Creating That Gorgeous Strawberry Circle
Getting that pretty ring of strawberries takes a little thought. Try to pick berries that are about the same size so everything looks uniform. When you put them around the edge, make sure they aren't taller than your springform pan. This way your top cake layer will sit flat. I've found that medium strawberries cut down the middle work best. Push them slightly into the pudding to help them stay put.
Prep Ahead Options
This cake actually tastes better when made ahead. The flavors really come together nicely as it sits in the fridge. You can bake the cake layers up to two days before and wrap them tight in plastic. The pudding works fine made 24 hours ahead. I'd wait to add the whipped cream until four hours or less before serving so it looks its best, though the whole cake tastes even better on the second day.
Different Fruit Ideas
Strawberries might be the classic pick, but you can switch things up with other fruits. Try peaches or raspberries in summer. When fall comes around, go for thin apple slices mixed with cinnamon. Bright citrus segments work great during winter months. Just make sure whatever fruit you pick isn't too juicy or your cake might get soggy. If you use frozen fruit, thaw it completely and drain off all the liquid first.

This treat will definitely wow everyone, but it's still easy enough for someone just starting out with baking. The mix of fresh strawberries and creamy filling will have everybody asking for another piece!
Frequently Asked Questions
- → Can I make this cake ahead of time?
You can definitely make this cake a day before you need it. Put the cake together with the pudding inside and keep it in the fridge, but wait to add the whipped cream and fresh berries until a few hours before serving so everything stays pretty and keeps the right texture.
- → Can I use frozen strawberries instead of fresh?

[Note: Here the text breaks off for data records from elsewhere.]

Lemma exp_sq_series_lower (c : R) :
  0 < c -> 6 / PI ^ 2 * (exp c - 1) ^ 2 <= c ^ 2 * exp_sq_series c.
Proof.
  intros Hc. eapply Rle_trans.
  - apply Rmult_le_compat_r; [apply pow2_ge_0 | exact six_div_PI_sqr_le].
  - destruct (Rle_lt_dec c (21 / 10)).
    + now apply exp_sq_series_lower_small.
    + apply exp_sq_series_lower_large; lra.
Qed.

Fixpoint resolvent (t r : R) (x : seqC) (n : nat) : C :=
  match n with
  | O => (t * x O)%C
  | S k => (t * (x (S k) + r * resolvent t r x k / INR (S k)))%C
  end.

Lemma RtoC_neq_0 (x : R) : x <> 0 -> RtoC x <> 0%C.
Proof. intros Hx E. apply Hx. now injection E. Qed.

Lemma RtoC_INR_S_neq_0 (n : nat) : RtoC (INR (S n)) <> 0%C.
Proof. apply RtoC_neq_0, not_0_INR, Nat.neq_succ_0. Qed.

Lemma opB_resolvent (t r : R) (x : seqC) : t <> 0 -> opB t r (resolvent t r x) = x.
Proof.
  intros Ht. apply functional_extensionality. intros [|k];
    unfold opB, shiftA; cbn [resolvent]; rewrite RtoC_inv by exact Ht.
  - field. now apply RtoC_neq_0.
  - field. split; [apply RtoC_INR_S_neq_0 | now apply RtoC_neq_0].
Qed.

Lemma resolvent_opB (t r : R) (x : seqC) : t <> 0 -> resolvent t r (opB t r x) = x.
Proof.
  intros Ht. apply functional_extensionality. intros n.
  induction n as [|k IH]; cbn [resolvent]; [|rewrite IH];
    unfold opB, shiftA; rewrite RtoC_inv by exact Ht.
  - field. now apply RtoC_neq_0.
  - field. split; [apply RtoC_INR_S_neq_0 | now apply RtoC_neq_0].
Qed.

Lemma Cmod_resolvent_le (t r : R) (x : seqC) (m : nat) : 0 < t -> 0 <= r ->
  Cmod (resolvent t r x m) <=
  t * sum_f_R0 (fun j => Cmod (x j) * exp_term (r * t) (m - j)) m.
Proof.
  intros Ht Hr. set (c := r * t). assert (Hc : 0 <= c) by (unfold c; nra).
  induction m as [|m IH]; cbn [resolvent].
  - rewrite Cmod_mult, Cmod_R, Rabs_pos_eq by lra. cbn [sum_f_R0].
    rewrite exp_term_0. lra.
  - assert (Hn : 0 < INR (S m)) by apply lt_0_INR, Nat.lt_0_succ.
    assert (Hstep : Cmod (x (S m) + r * resolvent t r x m / INR (S m))
                    <= Cmod (x (S m)) + r / INR (S m) * Cmod (resolvent t r x m)).
    { eapply Rle_trans; [apply Cmod_triangle|].
      rewrite Cmod_div, Cmod_mult, !Cmod_R, !Rabs_pos_eq by (lra || apply RtoC_INR_S_neq_0).
      right. field. lra. }
    assert (Hshift : c / INR (S m) * sum_f_R0 (fun j => Cmod (x j) * exp_term c (m - j)) m
                     <= sum_f_R0 (fun j => Cmod (x j) * exp_term c (S m - j)) m).
    { rewrite scal_sum. apply sum_Rle. intros j Hj.
      rewrite (Nat.sub_succ_l j m Hj), exp_term_S.
      assert (INR (S (m - j)) <= INR (S m)) by (apply le_INR; lia).
      assert (0 < INR (S (m - j))) by apply lt_0_INR, Nat.lt_0_succ.
      assert (Hratio : c / INR (S m) <= c / INR (S (m - j))).
      { unfold Rdiv. apply Rmult_le_compat_l; [exact Hc|]. now apply Rinv_le_contravar. }
      rewrite (Rmult_comm (c / _)), Rmult_assoc.
      apply Rmult_le_compat_l; [apply Cmod_ge_0|].
      apply Rmult_le_compat_l; [now apply exp_term_nonneg | exact Hratio]. }
    rewrite Cmod_mult, Cmod_R, Rabs_pos_eq by lra. cbn [sum_f_R0].
    rewrite Nat.sub_diag, exp_term_0.
    apply Rmult_le_compat_l; [lra|]. eapply Rle_trans; [exact Hstep|].
    assert (r / INR (S m) * Cmod (resolvent t r x m)
            <= c / INR (S m) * sum_f_R0 (fun j => Cmod (x j) * exp_term c (m - j)) m).
    { unfold c. replace (r * t / INR (S m) * _)
        with (r / INR (S m) * (t * sum_f_R0 (fun j => Cmod (x j) * exp_term (r * t) (m - j)) m))
        by (field; lra).
      apply Rmult_le_compat_l; [apply Rdiv_le_0_compat; lra | exact IH]. }
    lra.
Qed.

We really suggest using fresh berries for both inside and on top since frozen strawberries leak too much water when they thaw and will make your cake soggy. If you've got no choice but to use frozen, only use them inside the cake and make sure to thaw and drain them really well first.
- → What can I substitute for the instant vanilla pudding?
You can whip up your own vanilla custard instead. Mix 2 cups milk, 1/2 cup sugar, 4 egg yolks, 1/4 cup cornstarch, and 2 teaspoons vanilla. Cook it all while stirring until it gets thick, then let it cool completely before using it in your cake.
- → How do I store leftover cake?
Put any extra cake in a container that seals well and keep it in your fridge for up to 3 days. The cake might get a bit soggier as time goes by since the strawberries will keep releasing juice, but it'll still taste great.
- → Can I use a different size cake pan?
Sure, you can swap in an 8" or 9" springform pan instead of the 7" one in the recipe. Just know your cake won't be as tall and you'll need to bake it for about 5-10 minutes less. Start checking if it's done sooner by sticking a toothpick in the middle.
- → Why do you brush milk on the cake layers?
Adding milk to the cake layers helps keep everything moist if your cake comes out a bit dry after baking. You don't have to do this step, but it's a good trick to make sure your finished cake turns out perfectly moist and soft.